Arte y cultura en el west coast: Oakland Edition

Noches de museo, arte urbano, artistas independientes y más…

Foto: Esteban del Arco

Fotos: Esteban del Arco

Texto: Fernanda Castro

Hace unos días tuvimos la oportunidad de visitar Oakland, California como parte de nuestro viaje para cubrir Treasure Island Music Festival 2018 y pudimos descubrir uno de los secretos mejor guardados de la costa oeste.

Una pequeña ciudad que en el 2012 fue nombrada por el New York Times como el quinto destino a visitar en el mundo, trasmite una vibra relaja y cool en cada esquina. Murales callejeros, artistas multidisciplinarios, teatros históricos y espectáculos de primera, son algunas de las atracciones que año con año atraen a cada vez más turistas a la región.

Sin embargo, nosotros decidimos explorar la ciudad por nuestra cuenta, sólo con un mapa y sin ningún rumbo específico, porque nos gusta hacer las cosas como las hacen los locales. Claro que también visitamos los sitios más importantes de la zona, así que si quieres conocer un poco más sobre el auténtico estilo de vida californiano sigue leyendo.

Uno de los aspectos más favorables de Oakland es que la puedes recorrer casi toda a pie, pues es relativamente pequeña y súper amigable con los peatones. Aunque si esta opción no te favorece, hay shuttles gratuitos que recorren la avenida principal de principio a fin, y si eres de los más aventureros, recuerda que en esta zona es en donde iniciaron los scooters eléctricos que ahora inundan las metrópolis del mundo. Así que opciones de transporte, sobran.

El Jack London Square fue uno de nuestros spots favoritos. Una plaza/puerto marítimo que lleva el nombre del famoso escritor estadounidense -autor de "Colmillo Blanco"- gracias a que fue ahí donde pasó su niñez y de donde tomó inspiración para varias de sus novelas. Antiguamente fungía meramente como puerto comercial, sirviendo como puente para la agricultura local, ahora tiene una función mucho más amplia conservando el estilo industrial antiguo, pues ofrece gastronomía local de primer nivel, tiendas de diseño, oficinas, mercados sobre ruedas, viajes en bote, renta de kayaks y hasta catas de café gratuitas en Blue Bottle Coffee.
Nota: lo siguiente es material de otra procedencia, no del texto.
Lemma radial2_cont (f : R -> R -> R) (r t : R) : Ck 2 f -> continuity_2d_pt (radial2 f) r t.
Proof.
intros [_ [_ [Hx Hy]]].
apply continuity_2d_pt_plus; apply continuity_2d_pt_mult;
  auto using radial_cont, cont2d_cos, cont2d_sin.
Qed.

Lemma polar_deriv_r (f : R -> R -> R) (r t : R) :
  Ck 1 f -> is_derive (fun s => polar f s t) r (radial f r t).
Proof.
intros Hf. apply (chain_rule f (fun s => s * cos t) (fun s => s * sin t) r); [exact Hf | |].
- auto_derive; [exact I | ring].
- auto_derive; [exact I | ring].
Qed.

Lemma radial_deriv_r (f : R -> R -> R) (r t : R) :
  Ck 2 f -> is_derive (fun s => radial f s t) r (radial2 f r t).
Proof.
intros [_ [_ [Hx Hy]]].
change (is_derive (fun s => polar (dx f) s t * cos t + polar (dy f) s t * sin t) r
          (radial (dx f) r t * cos t + radial (dy f) r t * sin t)).
apply deriv_plus; apply deriv_mult_const, polar_deriv_r; assumption.
Qed.

(* The angular derivative of the angular field computes the Laplacian:
   d/dt (angular f r t) = r (lap f) - radial f - r radial2 f, the polar form of
   the Laplace operator. *)
Lemma angular_deriv_t (f : R -> R -> R) (r t : R) :
  Ck 2 f -> is_derive (fun s => angular f r s) t
    (r * polar (lap f) r t - radial f r t - r * radial2 f r t).
Proof.
intros [_ [_ [Hx Hy]]].
assert (HX : is_derive (fun s => r * cos s) t (r * - sin t)) by (auto_derive; [exact I | ring]).
assert (HY : is_derive (fun s => r * sin s) t (r * cos t)) by (auto_derive; [exact I | ring]).
assert (Hsin : is_derive (fun s => - sin s) t (- cos t)) by (auto_derive; [exact I | ring]).
assert (Hcos : is_derive cos t (- sin t)) by (auto_derive; [exact I | ring]).
unfold angular, polar.
eapply deriv_value; [|apply deriv_plus;
  [ apply (deriv_mult (fun s => - sin s)); [exact Hsin | exact (chain_rule (dx f) _ _ t _ _ Hx HX HY)]
  | apply deriv_mult; [exact Hcos | exact (chain_rule (dy f) _ _ t _ _ Hy HX HY)]]].
assert (Hpyth : sin t ^ 2 + cos t ^ 2 = 1) by (rewrite <- (sin2_cos2 t); unfold Rsqr; ring).
unfold radial2, radial, polar, lap.
replace (r * (dx (dx f) (r * cos t) (r * sin t) + dy (dy f) (r * cos t) (r * sin t)))
  with (r * (dx (dx f) (r * cos t) (r * sin t) + dy (dy f) (r * cos t) (r * sin t))
        * (sin t ^ 2 + cos t ^ 2)) by (rewrite Hpyth; ring).
ring.
Qed.

Lemma RInt_Rminus (f g : R -> R) (a b : R) : ex_RInt f a b -> ex_RInt g a b ->
  RInt (fun t => f t - g t) a b = RInt f a b - RInt g a b.
Proof. exact (RInt_minus f g a b). Qed.

Lemma RInt_Rscal (f : R -> R) (a b c : R) : ex_RInt f a b ->
  RInt (fun t => c * f t) a b = c * RInt f a b.
Proof. exact (RInt_scal f a b c). Qed.

Lemma RInt_Rconst (a b c : R) : RInt (fun _ => c) a b = (b - a) * c.
Proof. exact (RInt_const a b c). Qed.

Lemma continuous_section (F : R -> R -> R) (r t : R) :
  continuity_2d_pt F r t -> continuous (fun s => F r s) t.
Proof.
intros HF. apply (continuous_comp_2 (fun _ : R => r) (fun s : R => s) F);
  [apply continuous_const | apply continuous_id | apply continuity_2d_pt_filterlim, HF].
Qed.

Lemma integrable_of_cont2d (F : R -> R -> R) (r a b : R) :
  (forall z t, continuity_2d_pt F z t) -> ex_RInt (fun t => F r t) a b.
Proof.
intros HF. apply (ex_RInt_continuous (V := R_CompleteNormedModule)).
intros t _. apply continuous_section, HF.
Qed.

Lemma deriv_param_integral (F F' : R -> R -> R) (r : R) :
  (forall z t, is_derive (fun s => F s t) z (F' z t)) ->
  (forall z t, continuity_2d_pt F' z t) -> (forall z t, continuity_2d_pt F z t) ->
  is_derive (fun z => RInt (fun t => F z t) 0 (2 * PI)) r (RInt (fun t => F' r t) 0 (2 * PI)).
Proof.
intros Hd HF' HF.
eapply deriv_value; [|apply (is_derive_RInt_param F 0 (2 * PI) r)].
- apply RInt_ext. intros t _. apply is_derive_unique, Hd.
- apply filter_forall. intros z t _. eexists. apply Hd.
- intros t _. apply (continuity_2d_pt_ext F'); [|apply HF'].
  intros x y. symmetry. apply is_derive_unique, Hd.
- apply filter_forall. intros z. apply integrable_of_cont2d, HF.
Qed.

(* Circular means.  [circ_mean g r] is the integral of g over the circle of
   radius r (2 pi times the mean value), [mean_radial f r] the integral of the
   radial derivative of f over it. *)

Definition circ_mean (g : R -> R -> R) (r : R) : R := RInt (fun t => polar g r t) 0 (2 * PI).
Definition mean_radial (f : R -> R -> R) (r : R) : R := RInt (fun t => radial f r t) 0 (2 * PI).

Lemma circ_mean_deriv (f : R -> R -> R) (r : R) :
  Ck 1 f -> is_derive (circ_mean f) r (mean_radial f r).
Proof.
intros Hf. apply (deriv_param_integral (polar f) (radial f)).
- intros z t. apply polar_deriv_r, Hf.
- intros z t. apply radial_cont, Hf.
- intros z t. apply polar_cont, (Ck_cont 1), Hf.
Qed.

Lemma mean_radial_deriv (f : R -> R -> R) (r : R) :
  Ck 2 f -> is_derive (mean_radial f) r (RInt (fun t => radial2 f r t) 0 (2 * PI)).
Proof.
intros Hf. apply (deriv_param_integral (radial f) (radial2 f)).
- intros z t. apply radial_deriv_r, Hf.
- intros z t. apply radial2_cont, Hf.
- intros z t. apply radial_cont, Ck_weaken, Hf.
Qed.

(* Integrating the polar form of the Laplacian over a period: the angular
   term integrates to zero by periodicity. *)
Lemma mean_laplacian (f : R -> R -> R) (r : R) : Ck 2 f ->
  mean_radial f r + r * RInt (fun t => radial2 f r t) 0 (2 * PI) = r * circ_mean (lap f) r.
Proof.
intros Hf.
assert (C0 : forall z t, continuity_2d_pt (polar (lap f)) z t)
  by (intros; apply polar_cont, lap_cont, Hf).
assert (C1 : forall z t, continuity_2d_pt (radial f) z t)
  by (intros; apply radial_cont, Ck_weaken, Hf).
assert (C2 : forall z t, continuity_2d_pt (radial2 f) z t) by (intros; apply radial2_cont, Hf).
assert (Cl : forall z t, continuity_2d_pt
          (fun z t => z * polar (lap f) z t - radial f z t - z * radial2 f z t) z t).
{ intros z t. repeat apply continuity_2d_pt_minus; try apply continuity_2d_pt_mult;
    auto using continuity_2d_pt_id1. }
assert (Hzero : RInt (fun t => r * polar (lap f) r t - radial f r t - r * radial2 f r t)
                  0 (2 * PI) = 0).
{ rewrite (is_RInt_unique _ _ _ _ (is_RInt_derive (fun s => angular f r s) _ 0 (2 * PI)
    (fun t _ => angular_deriv_t f r t Hf)
    (fun t _ => continuous_section _ r t (Cl r t)))).
  unfold angular, polar. rewrite cos_2PI, sin_2PI, cos_0, sin_0. exact (minus_eq_zero _). }
assert (I0 := integrable_of_cont2d _ r 0 (2 * PI) C0).
assert (I1 := integrable_of_cont2d _ r 0 (2 * PI) C1).
assert (I2 := integrable_of_cont2d _ r 0 (2 * PI) C2).
assert (I0' : ex_RInt (fun t => r * polar (lap f) r t) 0 (2 * PI)).
{ apply (integrable_of_cont2d (fun z t => z * polar (lap f) z t)). intros z t.
  apply continuity_2d_pt_mult; auto using continuity_2d_pt_id1. }
assert (I2' : ex_RInt (fun t => r * radial2 f r t) 0 (2 * PI)).
{ apply (integrable_of_cont2d (fun z t => z * radial2 f z t)). intros z t.
  apply continuity_2d_pt_mult; auto using continuity_2d_pt_id1. }
assert (I01 : ex_RInt (fun t => r * polar (lap f) r t - radial f r t) 0 (2 * PI)).
{ apply (integrable_of_cont2d (fun z t => z * polar (lap f) z t - radial f z t)). intros z t.
  apply continuity_2d_pt_minus; [apply continuity_2d_pt_mult|]; auto using continuity_2d_pt_id1. }
rewrite (RInt_Rminus _ _ _ _ I01 I2'), (RInt_Rminus _ _ _ _ I0' I1) in Hzero.
rewrite (RInt_Rscal _ _ _ _ I0), (RInt_Rscal _ _ _ _ I2) in Hzero.
unfold mean_radial, circ_mean. lra.
Qed.

Lemma circ_mean_laplace (f : R -> R -> R) (r : R) :
  Ck 2 f -> is_derive (fun s => s * mean_radial f s) r (r * circ_mean (lap f) r).
Proof.
intros Hf. eapply deriv_value; [apply mean_laplacian, Hf|].
apply deriv_mult_id, mean_radial_deriv, Hf.
Qed.

Lemma circ_mean_pos (u : R -> R -> R) (r : R) :
  cont2 u -> (forall x y, 0 < u x y) -> 0 < circ_mean u r.
Proof.
intros Hc Hpos. apply RInt_gt_0; [pose proof PI_RGT_0; lra | |].
- intros t _. apply Hpos.
- intros t _. apply continuous_section, polar_cont, Hc.
Qed.

(* The convex function x |-> x^(-q) lies above its tangent line at m > 0. *)
Lemma rpower_tangent (q x m : R) : 0 < q -> 0 < x -> 0 < m ->
  Rpower m (- q) * (1 + q - q * x / m) <= Rpower x (- q).
Proof.
intros Hq Hx Hm.
assert (Hxm : 0 < x / m) by (apply Rdiv_lt_0_compat; assumption).
assert (E : Rpower x (- q) = Rpower m (- q) * Rpower (x / m) (- q)).
{ rewrite Rpower_mult_distr by assumption. f_equal. field. lra. }
rewrite E. apply Rmult_le_compat_l; [left; apply exp_pos|].
unfold Rpower. eapply Rle_trans; [|apply exp_ineq1_le].
assert (Hln : ln (x / m) <= x / m - 1).
{ pose proof (exp_ineq1_le (ln (x / m))) as H. rewrite exp_ln in H by exact Hxm. lra. }
unfold Rdiv in *. nra.
Qed.

(* Jensen's inequality for circular means: if b <= - u^(-q) pointwise, then
   M b <= - 2 pi (M u / 2 pi)^(-q), by integrating the tangent inequality at
   the mean value m = M u / 2 pi. *)
Lemma circ_mean_jensen (q : R) (u b : R -> R -> R) (r : R) :
  0 < q -> cont2 u -> cont2 b -> (forall x y, 0 < u x y) ->
  (forall x y, b x y <= - Rpower (u x y) (- q)) ->
  circ_mean b r <= - (2 * PI) * Rpower (circ_mean u r / (2 * PI)) (- q).
Proof.
intros Hq Hu Hb Hpos Hbound.
assert (H2PI : 0 < 2 * PI) by (pose proof PI_RGT_0; lra).
set (m := circ_mean u r / (2 * PI)).
assert (Hm : 0 < m) by (apply Rdiv_lt_0_compat; [apply circ_mean_pos|]; assumption).
set (A := Rpower m (- q)).
assert (Iu := integrable_of_cont2d (polar u) r 0 (2 * PI) (fun z t => polar_cont u z t Hu)).
assert (Iau : ex_RInt (fun t => A * q / m * polar u r t) 0 (2 * PI)).
{ apply (integrable_of_cont2d (fun z t => A * q / m * polar u z t)). intros z t.
  apply continuity_2d_pt_mult; [apply continuity_2d_pt_const | apply polar_cont, Hu]. }
assert (Ic : ex_RInt (fun _ => A * (1 + q)) 0 (2 * PI)) by apply ex_RInt_const.
assert (Hle : circ_mean b r <= RInt (fun t => A * q / m * polar u r t - A * (1 + q)) 0 (2 * PI)).
{ apply RInt_le; [lra | apply integrable_of_cont2d; intros; apply polar_cont, Hb
                 | apply (ex_RInt_minus (V := R_NormedModule)); assumption |].
  intros t _. pose proof (Hbound (r * cos t) (r * sin t)) as Hbt.
  pose proof (rpower_tangent q (polar u r t) m Hq (Hpos _ _) Hm) as Htan.
  assert (E : - (A * (1 + q - q * polar u r t / m)) = A * q / m * polar u r t - A * (1 + q))
    by (field; lra).
  change (Rpower m (- q)) with A in Htan. unfold polar in *. lra. }
rewrite (RInt_Rminus _ _ _ _ Iau Ic), (RInt_Rscal _ _ _ _ Iu), RInt_Rconst in Hle.
fold (circ_mean u r) in Hle.
replace (circ_mean u r) with (m * (2 * PI)) in Hle by (unfold m; field; lra).
replace (A * q / m * (m * (2 * PI))) with (A * q * (2 * PI)) in Hle by (field; lra).
fold A. lra.
Qed.

(* For 0 < q <= 1 the power y^(-q) dominates 1/B whenever 0 < y <= B and B >= 1;
   this is where the hypothesis q <= 1 enters. *)
Lemma rpower_neg_lower (q y B : R) :
  0 < q -> q <= 1 -> 0 < y -> y <= B -> 1 <= B -> / B <= Rpower y (- q).
Proof.
intros Hq Hq1 Hy HyB HB. unfold Rpower.
rewrite <- (exp_ln B), <- exp_Ropp by lra.
assert (HlnB : 0 <= ln B) by (rewrite <- ln_1; apply ln_le; lra).
assert (Hln : ln y <= ln B) by (apply ln_le; lra).
destruct (Req_dec (- ln B) (- q * ln y)) as [E|]; [rewrite E; lra|].
left. apply exp_increasing. nra.
Qed.

(* Here U, W, Z stand for the circular means of
   u, lap u and bilap u, and U1, W1 for the radial derivatives of U and W, so
   that (r U1)' = r W and (r W1)' = r Z, while Jensen's inequality gives
   Z <= - K (U / L)^(-q). *)
Section RadialInequality.

Variables (q K L : R) (U U1 W W1 Z : R -> R).
Hypotheses (Hq : 0 < q) (Hq1 : q <= 1) (HK : 0 < K) (HL : 0 < L).
Hypothesis U_deriv : forall r, is_derive U r (U1 r).
Hypothesis rU1_deriv : forall r, is_derive (fun s => s * U1 s) r (r * W r).
Hypothesis W_deriv : forall r, is_derive W r (W1 r).
Hypothesis rW1_deriv : forall r, is_derive (fun s => s * W1 s) r (r * Z r).
Hypothesis U_pos : forall r, 0 < U r.
Hypothesis Z_bound : forall r, Z r <= - K * Rpower (U r / L) (- q).

Lemma Z_neg (r : R) : Z r < 0.
Proof.
pose proof (exp_pos (- q * ln (U r / L))) as Hp. specialize (Z_bound r).
unfold Rpower in Z_bound. nra.
Qed.

(* r W1 vanishes at 0 and decreases, so W is nonincreasing on [0, +oo). *)
Lemma W_nonincreasing (a b : R) : 0 <= a <= b -> W b <= W a.
Proof.
intros Hab.
assert (rW1_nonpos : forall r, 0 <= r -> r * W1 r <= 0).
{ intros r Hr. enough (r * W1 r <= 0 * W1 0) by lra.
  apply (nonincreasing_of_deriv (fun s => s * W1 s) (fun s => s * Z s));
    [exact Hr | intros; apply rW1_deriv | intros t Ht].
  pose proof (Z_neg t). nra. }
apply (nonincreasing_of_deriv W W1); [lra | intros; apply W_deriv | intros r Hr].
pose proof (rW1_nonpos r ltac:(lra)). nra.
Qed.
Con una vista impresionante y decoración naval vintage nos encontramos con Waterfront Hotel. El lugar perfecto para quedarse durante una visita de trabajo, familiar o de entretenimiento, pues en los alrededores puedes encontrar prácticamente de todo. Cuentan con una hora diaria de "Vinos & Quesos" completamente gratuita para los huéspedes, así como shuttles diarios hace el dowtown. Y a unos cuantos metros -literal- puedes encontrar el Wine Trail, una experiencia sensorial para conocer lo mejor de la producción local de vino.

Por si fuera poco la alberca da hacia el puerto, y para los días de frío hay chimeneas en las áreas de esparcimiento, tanto dentro como fuera del hotel. Tienen sauna 24 horas y en la parte de abajo cuentan con un restaurante y barra de café que satisface a la perfección hasta los paladares más exigentes. Además la atmósfera petit comité que trasmite la zona es 100% relajante. Comprobado.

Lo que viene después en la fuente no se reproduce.